I’d had so much fun in his undergraduate astronomy lecture that I’d sometimes thought about taking his higher level stuff, not because I was interested in the subject but because he made it interesting. He’d been enthusiastic about the material and laid back about rules, just what I loved in a teacher.
For extra credit, he assigned book reports on classic science fiction stories, only a few of which had anything more to do with astronomy than an improbable moon on the cover.
“The yen for space does not occur in a vacuum,” was his explanation for the assignment.
I’d liked his sense of humor a lot better than my mom’s.
Dr. Sandberg had possessed—or maybe been possessed by—a serious yen for space. He’d been all about colonizing the moon, Mars, Europa… I knew now that Mars was better left alone, but at the time? He’d made it sound so plausible, like it was inevitable that mankind would eventually take its place among the stars.
And when we got there, he expected us to be in good company. He was the sort of dude who’d lug his telescope out to the hilltop every clear night, no matter how cold. Sometimes he had a stated goal, like observing the Pleiades or whatever, but what he was really doing was watching and waiting for a glimpse, for contact, for a sign that we weren’t alone.
He died before SETI@home, but he would have approved.
His death came under mysterious circumstances. I mean, it was obviously a suicide, but it was a mystery how he’d managed to write all those formulae in his own blood on the living room wall when his eyeballs were sitting on the bathroom counter.
Like I said: crazy guy.
The formulae? Not anything terribly esoteric. Most of it was basic stuff. Some simple quadratic equations. Volume of a cylinder. E = M… well, you know how it goes. The sort of stuff people draw on a chalkboard when they want to convey the idea that science is happening.
He’d also drawn a bunch of what everyone had called his “sand dollars”. Even blind and in his dying moments, he’d still managed to draw them.
Dr. Sandberg had had a nervous habit of sorts, you see. Any time he had a pen or marker in his hand, he’d start drawing these lumpy circle things.
I called them “retarded spirographs”.
Actually, I didn’t.
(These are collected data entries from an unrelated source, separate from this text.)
Lemma T01_iter_T_half_comm n r x : 0 <= r <= 1/2 -> inC x ->
  eqOn (T01 r (Nat.iter n T_half x)) (Nat.iter n T_half (T01 r x)).
Proof.
  intros Hr Hx. induction n; simpl; [apply eqOn_refl|].
  pose proof (iter_T_half_inC n x Hx).
  eapply eqOn_trans; [apply eqOn_sym, T01_add; auto; lra|].
  rewrite Rplus_comm.
  eapply eqOn_trans; [apply T01_add; auto; lra|].
  apply T01_eqOn; [lra|exact IHn].
Qed.

Lemma mT_spec t : 0 <= t -> INR (mT t) <= 2 * t < INR (mT t) + 1.
Proof.
  intros Ht. destruct (base_Int_part (2 * t)) as [Hle Hgt].
  assert (Hnn : (0 <= Int_part (2 * t))%Z).
  { assert (Hlt : (-1 < Int_part (2 * t))%Z) by (apply lt_IZR; lra). lia. }
  unfold mT. rewrite INR_IZR_INZ, Z2Nat.id by exact Hnn. lra.
Qed.

Lemma mT_half_sum n r : 0 <= r < 1/2 -> mT (INR n / 2 + r) = n.
Proof.
  intros Hr. unfold mT. rewrite <- (Int_part_spec _ (Z.of_nat n)); [apply Nat2Z.id|].
  rewrite <- INR_IZR_INZ. lra.
Qed.

Lemma T_decomp t x : 0 <= t -> inC x ->
  eqOn (T t x) (Nat.iter (mT t) T_half (T01 (t - INR (mT t) / 2) x)).
Proof.
  intros Ht Hx. unfold T. destruct Rle_dec as [Ht1|]; [|apply eqOn_refl].
  pose proof (mT_spec t Ht) as Hm.
  destruct (mT t) as [|[|[|m]]];
    [simpl in Hm |- *..|exfalso; rewrite !S_INR in Hm; pose proof (pos_INR m); lra].
  - rewrite Rdiv_0_l, Rminus_0_r. apply eqOn_refl.
  - replace t with (1/2 + (t - 1/2)) at 1 by ring. apply T01_add; auto; lra.
  - assert (t = 1) by lra. subst. replace (1 - (1 + 1) / 2) with 0 by lra.
    eapply eqOn_trans; [|apply T01_eqOn, T01_eqOn, eqOn_sym, T01_0; lra].
    replace 1 with (1/2 + 1/2) at 1 by lra. apply T01_add; auto; lra.
Qed.

Lemma iter_T_half_T01 n r x : 0 <= r < 1 -> inC x ->
  eqOn (Nat.iter n T_half (T01 r x)) (T (INR n / 2 + r) x).
Proof.
  intros Hr Hx.
  assert (Hbase : forall n r, 0 <= r < 1/2 ->
            eqOn (Nat.iter n T_half (T01 r x)) (T (INR n / 2 + r) x)).
  { clear n r Hr. intros n r Hr.
    eapply eqOn_trans; [|apply eqOn_sym, T_decomp; auto; pose proof (pos_INR n); lra].
    rewrite mT_half_sum by exact Hr. replace (INR n / 2 + r - INR n / 2) with r by ring.
    apply eqOn_refl. }
  destruct (Rlt_le_dec r (1/2)); [apply Hbase; lra|].
  eapply eqOn_trans.
  - apply iter_T_half_eqOn. replace r with (1/2 + (r - 1/2)) at 1 by ring.
    apply T01_add; auto; lra.
  - rewrite <- Nat.iter_succ_r.
    replace (INR n / 2 + r) with (INR (S n) / 2 + (r - 1/2)) by (rewrite S_INR; lra).
    apply Hbase; lra.
Qed.

Lemma T_eqOn t x y : 0 <= t -> eqOn x y -> eqOn (T t x) (T t y).
Proof.
  intros Ht H. unfold T. pose proof (mT_spec t Ht).
  destruct Rle_dec; [|apply iter_T_half_eqOn]; apply T01_eqOn; auto; lra.
Qed.

Lemma T_inC t x : 0 <= t -> inC x -> inC (T t x).
Proof.
  intros Ht Hx. unfold T. pose proof (mT_spec t Ht).
  destruct Rle_dec; [|apply iter_T_half_inC]; apply T01_inC; auto; lra.
Qed.

Lemma T_nonexpansive t x y : 0 <= t -> inC x -> inC y -> dist (T t x) (T t y) <= dist x y.
Proof.
  intros Ht Hx Hy. unfold T. pose proof (mT_spec t Ht).
  destruct Rle_dec; [apply T01_nonexpansive; auto; lra|].
  eapply Rle_trans; [apply iter_T_half_nonexpansive; apply T01_inC; auto; lra|].
  apply T01_nonexpansive; auto; lra.
Qed.

Lemma T_0 x : eqOn (T 0 x) x.
Proof. unfold T. destruct Rle_dec; [apply T01_0|lra]. Qed.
That would have been horribly unprofessional of me.
I had actually called them “retarded epicycloids”.
They were always more or less the same: two more-or-less concentric circles, with three or four similar sets of circles floating inside it. I thought they had looked a bit like cells, with the two outside lines looking like some kind of a membrane or cell wall, and the other ones as organelles. While he could draw a pretty smooth curve freehand, none of the circles were perfectly round, and in fact the lines spiked up and down at impressively minute intervals. The inner ring in each pair had its own pattern, separate from the outer one.
My little nickname had never caught on, if only because some anonymous student long before my time had dubbed them “sand dollars”, a play on both their appearance and their creator’s name.
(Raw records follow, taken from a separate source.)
(* Let $K, G : \mathrm{Per}(\mathbb{R}) \to \mathrm{Per}(\mathbb{R})$ be continuous mappings which can be approximated smoothly by the parameterized families $K_N$ and $G_N$, respectively (in the sense defined in the context). Let $\lambda \geq 0$ be any real number. Define $KG$, $K+G$, $\lambda K$ by $((KG)(\rho))(x) = (K(\rho))(x)\,(G(\rho))(x)$, $((K+G)(\rho))(x) = (K(\rho))(x) + (G(\rho))(x)$, $((\lambda K)(\rho))(x) = \lambda (K(\rho))(x)$ for all $x \in \mathbb{R}$, $\rho \in \mathrm{Per}(\mathbb{R})$. Then $KG$, $K+G$, $\lambda K$ can be approximated smoothly by the parameterized families $K_N G_N$, $K_N + G_N$, $\lambda K_N$, respectively (where $(K_NG_N)(\rho)=K_N(\rho)G_N(\rho)$ etc. for $\rho\in\mathbb{R}^N$).
   Context: $\mathbb{R}_+ = [0,+\infty)$. $\mathrm{Per}(\mathbb{R})$ denotes the set of continuous, positive functions $\rho:\mathbb{R}\to(0,+\infty)$ that are periodic with period $1$; continuity of maps on $\mathrm{Per}(\mathbb{R})$ is with respect to the uniform (sup) metric. For $y \in \mathbb{R}^N$, $|y|_\infty = \max_i |y_i|$; for $x,y\in\mathbb{R}^N$, $x \le y$ means componentwise; $1_N = (1,\dots,1)^\top$. For $\rho = (\rho_0,\dots,\rho_{N-1})^\top \in \mathbb{R}^N$ and $i=1,\dots,N-1$, $\rho^{(i)} = (\rho_i,\dots,\rho_{N-1},\rho_0,\dots,\rho_{i-1})^\top$, $\rho^{(0)}=\rho$, and in general $\rho^{(k)}$ is obtained by applying the cyclic left shift $k$ times. For $h=1/N$ and $\rho\in\mathbb{R}^N$, $P_N\rho \in \mathrm{Per}(\mathbb{R})$ (for positive $\rho$) is the $1$-periodic function with $(P_N\rho)(x) = h^{-1}\rho_i((i+1)h - x) + h^{-1}\rho_{i+1}(x - ih)$ for $x \in [ih,(i+1)h]$, $i=0,\dots,N-2$, and $(P_N\rho)(x) = h^{-1}\rho_{N-1}(1-x) + h^{-1}\rho_0(x+h-1)$ for $x\in[(N-1)h,1]$ (piecewise linear interpolation of the values $\rho_i$ at the nodes $ih$). Definition (smooth approximation). Let $K:\mathrm{Per}(\mathbb{R})\to\mathrm{Per}(\mathbb{R})$ be continuous and suppose there is $v_{\max}>0$ with $0 \le (K(\rho))(x) \le v_{\max}$ for all $x\in\mathbb{R}$, $\rho \in \mathrm{Per}(\mathbb{R})$. A family of mappings $K_N:\mathbb{R}^N\to\mathbb{R}_+$, indexed by integers $N>2$, smoothly approximates $K$ if there exist constants $L,c,C,S\ge 0$ and non-decreasing functions $\gamma,\Gamma,W:\mathbb{R}_+\to\mathbb{R}_+$ such that $K_N(\rho)\le v_{\max}$ for all $\rho\in\mathbb{R}_+^N$, and for all $N>2$, $0<\rho_{\min}\le\rho_{\max}$, $i=0,\dots,N-1$ and all $\rho=(\rho_0,\dots,\rho_{N-1})^\top,\tilde\rho \in\mathbb{R}_+^N$ with $\rho_{\min}1_N\le\rho\le\rho_{\max}1_N$, $\rho_{\min}1_N\le\tilde\rho\le\rho_{\max}1_N$, writing $h=1/N$, $y = h^{-1}(\rho^{(1)}-\rho)$, $\varphi = h^{-2}(\rho^{(2)}-2\rho^{(1)}+\rho)$: (i) $|K_N(\rho)-K_N(\tilde\rho)| \le L|\rho-\tilde\rho|_\infty$; (ii) $|K_N(\rho)-K_N(\rho^{(1)})-K_N(\tilde\rho)+K_N(\tilde\rho^{(1)})| \le (h|\rho-\tilde\rho|_\infty + h^2)\Gamma(\rho_{\max})$; (iii) $-ch(\rho_{\max}-\rho_0) \le K_N(\rho^{(1)})-K_N(\rho) \le ch(\rho_0-\rho_{\min})$; (iv) $|2K_N(\rho^{(1)})-K_N(\rho)-K_N(\rho^{(2)})| \le h^2(\gamma(\rho_{\max}) + C|y|_\infty)$; (v) $|3K_N(\rho^{(1)})+K_N(\rho^{(3)})-K_N(\rho)-3K_N(\rho^{(2)})| \le h^3(W(\rho_{\max}+|y|_\infty) + C|\varphi|_\infty)$; (vi) $|(K(P_N\rho))(ih) - K_N(\rho^{(i)})| \le hS\rho_{\max}$. *)

From HB Require Import structures.
From mathcomp Require Import all_boot all_order all_algebra.
From mathcomp Require Import all_classical all_reals topology normedtype.
Set Implicit Arguments. Unset Strict Implicit. Unset Printing Implicit Defensive.
Import Order.TTheory GRing.Theory Num.Theory numFieldNormedType.Exports.
Local Open Scope ring_scope.

Section Defs.
Variable R : realType.

Definition Per (rho : R -> R) : Prop :=
  continuous rho /\ (forall x, rho (x + 1) = rho x) /\ (forall x, 0 < rho x).

Definition supn (N : nat) (y : 'I_N -> R) : R := \big[Num.max/0]_(i < N) `|y i|.

(* cyclic left shift: rho^(1)_i = rho_(i+1 mod N) *)
Definition shift (N : nat) (rho : 'I_N -> R) : 'I_N -> R := fun i => rho (ordS i).
Definition shiftk (N : nat) (k : nat) (rho : 'I_N -> R) : 'I_N -> R := iter k (@shift N) rho.

(* rho_(k mod N) for an integer index k (0 if N = 0, never used) *)
Definition rho_at (N : nat) (rho : 'I_N -> R) (k : int) : R :=
  if [pick i : 'I_N | (nat_of_ord i)%:Z == (k %% N%:Z)%Z] is Some i then rho i else 0.

(* P_N rho: 1-periodic piecewise linear interpolation of rho_i at nodes i/N:
   on [i h, (i+1) h], value h^-1 rho_i ((i+1)h - x) + h^-1 rho_(i+1) (x - i h). *)
Definition PN (N : nat) (rho : 'I_N -> R) : R -> R := fun x =>
  let t := N%:R * x in
  let k := Num.floor t in
  let fr := t - k%:~R in
  rho_at rho k * (1 - fr) + rho_at rho (k + 1) * fr.

(* nondecreasing functions R_+ -> R_+ (represented on R, constrained on [0,oo)) *)
Definition nondec_nonneg (f : R -> R) : Prop :=
  (forall x, 0 <= x -> 0 <= f x) /\ (forall x y, 0 <= x -> x <= y -> f x <= f y).

Definition sup_continuous_on_Per (K : (R -> R) -> (R -> R)) : Prop :=
  forall rho, Per rho -> forall eps, 0 < eps -> exists2 delta, 0 < delta &
    forall sigma, Per sigma -> (forall x, `|rho x - sigma x| <= delta) ->
      forall x, `|K rho x - K sigma x| <= eps.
Whenever anybody asked him why he drew them, he always shrugged and said something like “why not?”
They were just doodles.
That was what he’d said, but I was never sure. They’d always unnerved me a little. They were always different, but they were regular enough that I couldn’t believe there wasn’t a pattern to them. If I hadn’t been insanely busy doing actual coursework, I might have sat down and tried to work out what it was, but I’d never had time to do more than fret about it a little.
I hadn’t done more than get my toes wet in the mystical side of things at that point, and I’d still been in pretty serious denial about the existence of what we call the supernatural, but I’d been sensitive, even then. Years later, the first time I saw automatic writing, it reminded me of Dr. Sandberg, absentmindedly drawing his bumpy circles in the corner of the chalkboard.
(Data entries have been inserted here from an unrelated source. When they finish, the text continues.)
(* Let $\beta$ be irrational with continued fraction denominators $(q'_n)_{n\ge1}$. Let $f:\mathbb{T}\to\mathbb{R}$ be real analytic and not a trigonometric polynomial, with Fourier coefficients $a_k$, and let $(l_k)_{k\ge1}$ be a strictly increasing sequence of positive integers with $a_{l_k}\neq0$ and $|a_{l_k}|/T_{l_k}\to\infty$, where $T_n=\sum_{j\ge2}|a_{jn}|\,|jn|$. For $k\ge1$ let $\eta(k)$ be the smallest integer with $q'_{\eta(k)}>2k^2/|a_{l_k}|^2$. For $n,m\ge1$ let $V_{n,m}=\{\alpha\in\mathbb{R}\setminus\mathbb{Q}: q_n(\alpha)=l_m \text{ and } q_{n+1}(\alpha)>2q'_{\eta(m)}n^2\}$, $\mathcal{U}_j=\bigcup_{n\ge1}V_{n,j}$, and $\mathcal{U}=\bigcap_{M\ge1}\bigcup_{j\ge M}\mathcal{U}_j$. Then $\mathcal{U}$ is a dense $G_\delta$ subset of $\mathbb{R}$.
   Context: For an irrational $\gamma=[c_0;c_1,c_2,\dots]$, its continued fraction denominators are $q_0=1$, $q_1=c_1$, $q_n=c_nq_{n-1}+q_{n-2}$; $q_n(\gamma)$ denotes the $n$-th one. $\mathbb{T}=\mathbb{R}/\mathbb{Z}$. *)

From Stdlib Require Import Reals Lra ZArith.
From Coquelicot Require Import Coquelicot.
Open Scope R_scope.

Definition irrational (x : R) : Prop :=
  ~ exists (p q : Z), q <> 0%Z /\ x = IZR p / IZR q.

Fixpoint cf_x (x : R) (n : nat) : R :=
  match n with
  | O => x
  | S m => / (cf_x x m - IZR (Int_part (cf_x x m)))
  end.

Definition cf_c (x : R) (n : nat) : Z := Int_part (cf_x x n).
But whatever they were and whatever they’d meant, he’d taken that secret to the grave. I still had a few he’d drawn on the back of my book report on A Wrinkle In Time, and I got them and stared at them every once in a while, but since I wasn’t going to disturb him to satisfy my curiosity, I’d figured that his death was the end of it.
That was before the email from Larry. It was only one line: “I FIGURED IT OUT.”
I didn’t have to ask what he’d figured out, because there was only one subject on which we still corresponded, usually two or three times a year.
Like me, Larry had been plagued by the unsettling feeling that the sand dollars meant something, and being less of a serious student than I was, he’d devoted himself to figuring it out. Being less of a serious student than I was, he hadn’t really stood a chance. He didn’t do any kind of rigorous mathematical analysis. He just looked at things like Nostradamus and the pop culture version of Qabalah and gematria, shit like that. Crop circles, too.
By the way, Nostradamus? Shitty poet, nothing more. Trust me. There’s a reason why in all the time people have been studying them, nobody has ever looked at one of his quatrains and said, “Well holy shit, according to this, the president’s going to get shot to hell tomorrow!” and been right. They’re always interpreted to have been right after the fact. They aren’t prophecies, they’re Rorschach tests: random and disjointed enough that you can read anything you want into them. You can get better predictions from a fortune cookie.
Anyway, Larry never just had an idea or a theory or a hunch about the sand dollars, either. It was always “I figured it out.” Usually, though, he couldn’t wait to tell me what his latest breakthrough was, but this time he stopped at that one line. I waited for the next email to come, saying that he’d hit send too soon, but a couple of days went by with nothing else. So I sent him a reply back that said, “Well?” and he sent another one that said, “YOU HAVE TO HERE IT”.
I told you he wasn’t the scholarly type, didn’t I?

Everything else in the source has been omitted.